The STOXX Europe 600 opened lower, paring half of yesterday’s advance in early trade, as renewed trade tensions once again stole the spotlight and mixed corporate results gave traders one more reason to stay on the cautious side.
German power utility E.ON’s earnings plunged 32.4 percent, offsetting Glencore (LON:GLEN)’s 13 percent net income jump. Technology was the bright spot after Samsung (KS:005930) unveiled a $161 billion investment plan.
Earlier, during Asian trade, China’s Shanghai Composite underperformed its regional peers, slipping 1.27 percent lower and giving up about half of yesterday’s surge. However, Hong Kong’s Hang Seng closed 0.39 percent higher, helped by the fact that foreign investors use it as a portal to Chinese stocks. According to the South China Morning Post, overseas purchases of Chinese shares hit $4.1 billion during the past three weeks, while local traders were discouraged by trade war fears. Perhaps quelling some of those fears, fresh data showed today China’s exports grew faster than expected in July and imports surged.
Yesterday, US shares extended their winning streak to a fourth day, as investors managed to keep their focus squarely on positive economic and earnings headlines.
The S&P 500 gained 0.28 percent, boosted by stocks in the Energy (+0.74 percent) and Industrials sectors (+0.71 percent). Consumer Staples (-0.61 percent) underperformed. Technically, the price gapped up and formed a shooting star, with a close 0.5 percent below its January 26 record high. The shooting star, already bearish as it retraced from the session highs, could be the centerpiece of an Island Reversal, in Western technical analysis, or an Evening Star in Japanese candlesticks, if followed with a falling gap.
Meanwhile, Tesla (NASDAQ:TSLA) stock leaped higher after CEO Elon Musk said he’s considering taking his company private for $420 per share, which would set the group's market value at about $71 billion. Shares soared 10.8 percent, or $37 higher, after the announcement, to $386.68. Technically, the intraday price neared the all-time high of $389.61 posted September 18 and retreated, underscoring a resistance level.
Overall, stocks retreated from higher gains late in the session, as traders rotated out of some bond proxy positions to buy into Treasurys, after a bond selloff sent yields higher. During morning European trade, Treasury yields had stabilized ahead of the biggest-ever 10-year note auction.
The dollar bounced back against most of its major peers yesterday. Technically, this is the greenback’s fourth attempt to overcome the 95.50 level. An upside breakout would demonstrate that demand absorbed available supply and is bidding prices higher to find willing sellers.
Oil’s eked out a third straight gain, after Iran’s foreign minister said that US sanctions will not choke Iran oil exports. However, the commodity is back into negative territory at the time of writing.

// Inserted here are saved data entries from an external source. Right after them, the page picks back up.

(* Fix any quantile vector $\mathbf{q}=(q_1\ge q_2\ge\dots\ge q_N)$ with $q_i\in(0,1)$. Then $\mathrm{STR}(\mathbf{q},\pi)\ge \mathrm{OPT}(\mathbf{q},\pi)$ for every assignment $\pi\in\mathcal{E}_1$. Moreover, with $\pi$ uniformly random from $\Pi_{n,m,c}$, $\mathbb{E}_\pi[\mathrm{STR}(\mathbf{q},\pi)-\mathrm{OPT}(\mathbf{q},\pi)\mid \mathcal{E}_1]\ge \mathbb{E}_{i,j}[b(q_i)-s(q_j)]$, where $i$ is uniform on $I_1$ and $j$ is uniform on $J_1$, independently.
   Context: Setting: distributions $F_B,F_S$ with quantile functions $b(q)=\inf\{x:\Pr_{b\sim F_B}[b\le x]\ge q\}$, $s(q)=\inf\{x:\Pr_{s\sim F_S}[s\le x]\ge q\}$, and $F_B$ first-order stochastically dominates $F_S$, i.e. $b(q)\ge s(q)$ for all $q\in(0,1)$. Integers $m\ge n\ge 20$ (original buyers, original sellers) and $c\ge1$ (new buyers and new sellers); $N=m+n+2c$. $\Pi_{n,m,c}$ is the set of maps $\pi:[N]\to\{\mathrm{BO},\mathrm{BN},\mathrm{SO},\mathrm{SN}\}$ with $|\pi^{-1}(\mathrm{BO})|=m$, $|\pi^{-1}(\mathrm{SO})|=n$, $|\pi^{-1}(\mathrm{BN})|=|\pi^{-1}(\mathrm{SN})|=c$; write $B_{\mathrm{Old}}^\pi=\pi^{-1}(\mathrm{BO})$, $B_{\mathrm{New}}^\pi=\pi^{-1}(\mathrm{BN})$, $S_{\mathrm{Old}}^\pi=\pi^{-1}(\mathrm{SO})$, $S_{\mathrm{New}}^\pi=\pi^{-1}(\mathrm{SN})$. Given $\mathbf{q}$ and $\pi$, index $i$ labeled as a buyer is a buyer with value $b(q_i)$ and index labeled as a seller is a seller with value $s(q_i)$; the original market consists of the old buyers and old sellers, the augmented market of all agents. $\mathrm{OPT}(\mathbf{q},\pi)$ is the first-best gains from trade in the original market and $\mathrm{STR}(\mathbf{q},\pi)$ is the gains from trade of Seller Trade Reduction in the augmented market. (First best: with buyer values $b^{(1)}\ge\dots$ and seller values $s^{(1)}\le\dots$, let $r=\max\{i: b^{(i)}\ge s^{(i)}\}$ over $i\le$ min of the side sizes ($r=0$ if none); trade the top $r$ buyers with bottom $r$ sellers, gains $\sum_{i\le r}(b^{(i)}-s^{(i)})$. STR: with $s^{(k)}=\infty$ beyond the number of sellers, if $b^{(r)}\ge s^{(r+1)}$ trade $r$ pairs, else trade only the top $r-1$ buyers with bottom $r-1$ sellers.) Let $p=\lceil n/10\rceil$, $I_1=\{1,\dots,p\}$, $I_2=\{p+1,\dots,2p\}$, $J_1=\{N-p+1,\dots,N\}$, $J_2=\{N-2p+1,\dots,N-p\}$. $\mathcal{E}_1$ is the set of $\pi\in\Pi_{n,m,c}$ with $|I_1\cap B_{\mathrm{New}}^\pi|\ge2$, $|I_2\cap B_{\mathrm{Old}}^\pi|\ge1$, $|J_1\cap S_{\mathrm{New}}^\pi|\ge2$, and $|J_2\cap S_{\mathrm{Old}}^\pi|\ge1$. *)

From HB Require Import structures.
From mathcomp Require Import all_boot all_order all_algebra.
From mathcomp Require Import all_classical all_reals all_analysis.

Set Implicit Arguments.
Unset Strict Implicit.
Unset Printing Implicit Defensive.

Import Order.TTheory GRing.Theory Num.Theory.
Local Open Scope classical_set_scope.
Local Open Scope ring_scope.

Definition quantile (R : realType) (F : probability R R) (q : R) : R :=
  inf [set x : R | (q%:E <= F [set` `]-oo, x]])%E].

Inductive label := BO | BN | SO | SN.

Definition label_code (l : label) : 'I_4 :=
  match l with BO => inord 0 | BN => inord 1 | SO => inord 2 | SN => inord 3 end.
Definition label_decode (i : 'I_4) : label :=
  match val i with 0 => BO | 1 => BN | 2 => SO | _ => SN end.
Lemma label_codeK : cancel label_code label_decode.
Proof. by case; rewrite /label_decode /= inordK. Qed.
HB.instance Definition _ := Equality.copy label (can_type label_codeK).
HB.instance Definition _ := Choice.copy label (can_type label_codeK).
HB.instance Definition _ := Countable.copy label (can_type label_codeK).
HB.instance Definition _ := Finite.copy label (can_type label_codeK).

Definition Ntot (n m c : nat) : nat := (m + n + 2 * c)%N.

(* Agent indices 1..N are represented by ordinals 0..N-1 (index i <-> i-1). *)

Definition Pi_set (n m c : nat) : {set {ffun 'I_(Ntot n m c) -> label}} :=
  [set pi : {ffun 'I_(Ntot n m c) -> label} | [&& #|[set i | pi i == BO]| == m, #|[set i | pi i == SO]| == n,
               #|[set i | pi i == BN]| == c & #|[set i | pi i == SN]| == c]].

Definition pp (n : nat) : nat := (n %/ 10 + (n %% 10 != 0))%N. (* ceil (n/10) *)

(* I_1 = {1..p}, I_2 = {p+1..2p}, J_1 = {N-p+1..N}, J_2 = {N-2p+1..N-p},
   written for 0-based ordinals. *)
Definition I1 (N p : nat) : {set 'I_N} := [set i : 'I_N | (i < p)%N].
Definition I2 (N p : nat) : {set 'I_N} := [set i : 'I_N | (p <= i < 2 * p)%N].
Definition J1 (N p : nat) : {set 'I_N} := [set i : 'I_N | (N - p <= i)%N].
Definition J2 (N p : nat) : {set 'I_N} := [set i : 'I_N | (N - 2 * p <= i < N - p)%N].

Definition E1_set (n m c : nat) : {set {ffun 'I_(Ntot n m c) -> label}} :=
  let N := Ntot n m c in let p := pp n in
  [set pi : {ffun 'I_(Ntot n m c) -> label} | (pi \in Pi_set n m c) &&
    [&& (2 <= #|I1 N p :&: [set i | pi i == BN]|)%N,
        (1 <= #|I2 N p :&: [set i | pi i == BO]|)%N,
        (2 <= #|J1 N p :&: [set i | pi i == SN]|)%N &
        (1 <= #|J2 N p :&: [set i | pi i == SO]|)%N]].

Canadian Building Permits for June are released Wednesday.
Canada’s S&P/TSX Composite declined 0.84 percent on Tuesday.
The STOXX 600 dropped 0.3 percent.
Futures on the S&P 500 slipped less than 0.1 percent.

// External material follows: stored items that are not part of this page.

Lemma delete_fixed_point t (q : 'I_n.+1) :
  lift_perm q q t \in Dstar_cut n.+1 c' sz j -> cut_block c' j q ->
  t \in D_cut n c sz j /\ split_point t q.
Proof.
rewrite inE => /and3P[/S_cutP s_dec /forallP s_nofix _].
rewrite cut_block_enlarged => q_range; have /andP[q_ge q_le] := q_range.
have bq : cut_block c' j q by rewrite cut_block_enlarged.
have t_dec : block_decreasing c sz t.
  move=> k le_k y y' lt yb yb'; rewrite -(ltn_bump2 q).
  have := s_dec k le_k (lift q y) (lift q y'); rewrite !lift_perm_lift /=.
  by apply; rewrite ?ltn_bump2 ?cut_block_bump.
have sp : split_point t q.
  rewrite /split_point q_range; apply/forallP => y; apply/implyP => yb; apply/eqP.
  have yb' : cut_block c' j (lift q y) by rewrite /= cut_block_bump.
  case: (ltnP y q) => [lt_yq | le_qy].
  - have := s_dec j j_le (lift q y) q; rewrite lift_perm_lift lift_perm_id /=.
    by rewrite ltn_bump_self ltn_self_bump lt_yq => ->.
  - have := s_dec j j_le q (lift q y); rewrite lift_perm_lift lift_perm_id /=.
    by rewrite ltn_self_bump ltn_bump_self le_qy ltnNge => /(_ isT bq yb') /negbTE.
split=> //; rewrite inE; apply/andP; split; first exact/S_cutP.
apply/forallP => y; apply/implyP => lt_yc.
case: (ltnP y (c j.-1)) => [lt_yc' | ge_yc'].
  have := s_nofix (lift q y); rewrite lift_perm_lift (inj_eq lift_inj) => /implyP; apply.
  by rewrite /= c'_pred /bump; lia.
by apply: split_point_no_fixed sp _; rewrite /cut_block ge_yc' lt_yc j_gt0.
Qed.

Definition insert_split (t : 'S_n) : 'S_n.+1 :=
  let p := odflt ord0 [pick p : 'I_n.+1 | split_point t p] in lift_perm p p t.

Lemma insert_splitE t (p : 'I_n.+1) :
  split_point t p -> insert_split t = lift_perm p p t.
Proof.
move=> sp; rewrite /insert_split; case: pickP => [p' sp' | /(_ p)]; last by rewrite sp.
by rewrite (_ : p' = p) //; apply/val_inj/(split_point_uniq sp' sp).
Qed.

Lemma insert_splitP t : t \in D_cut n c sz j ->
  exists2 p : 'I_n.+1, split_point t p & insert_split t = lift_perm p p t.
Proof.
move=> tD; have [p sp] := split_point_exists tD.
have /andP[/andP[_ p_le] _] := sp.
have p_lt : p < n.+1 by have := c_le j; lia.
by exists (Ordinal p_lt) => //; exact: insert_splitE.
Qed.

Lemma insert_split_inj : {in D_cut n c sz j &, injective insert_split}.
Proof.
move=> t1 t2 t1D t2D; have [p1 sp1 ->] := insert_splitP t1D.
have [p2 sp2 ->] := insert_splitP t2D => e.
have /S_cutP s_dec : lift_perm p1 p1 t1 \in S_cut n.+1 c' sz.
  by have := insert_fixed_point t1D sp1; rewrite inE => /andP[].
have ep : p1 = p2.
  apply: (block_decreasing_fixed_uniq s_dec j_le (split_point_block sp1)
                                       (split_point_block sp2)).
    by rewrite lift_perm_id.
  by rewrite e lift_perm_id.
subst p2; apply/permP => y; apply: (@lift_inj _ p1).
by rewrite -(lift_perm_lift p1 p1 t1) -(lift_perm_lift p1 p1 t2) e.
Qed.

Lemma card_D_cut_Dstar_cut : #|D_cut n c sz j| = #|Dstar_cut n.+1 c' sz j|.
Proof.
suff <- : insert_split @: D_cut n c sz j = Dstar_cut n.+1 c' sz j.
  by rewrite (card_in_imset insert_split_inj).
apply/setP => s; apply/imsetP/idP => [[t tD ->] | sD].
  by have [p sp ->] := insert_splitP tD; apply: insert_fixed_point.
move: (sD); rewrite inE => /and3P[_ _ /existsP[q /andP[qb /eqP sq]]].
have [t et] := lift_perm_of_fixed sq; rewrite et in sD.
have [tD sp] := delete_fixed_point sD qb.
by exists t; rewrite // et (insert_splitE sp).
Qed.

The MSCI Emerging Market Index climbed 0.3 percent.
The Canadian loonie was down 0.22 per cent against the U.S. greenback early Wednesday, trading at 0.7643.
The Dollar Index gained 01 percent.
The euro climbed 0.2 percent.
Canada’s 10-year yield was steady early Wednesday at 2.370, a 0.09-percent decrease.
The yield on 10-year Treasuries rose less than one basis point to 2.97 percent.
Germany’s 10-year yield held steady.
WTI advanced 0.05 percent.
Gold eked out a 0.01 percent.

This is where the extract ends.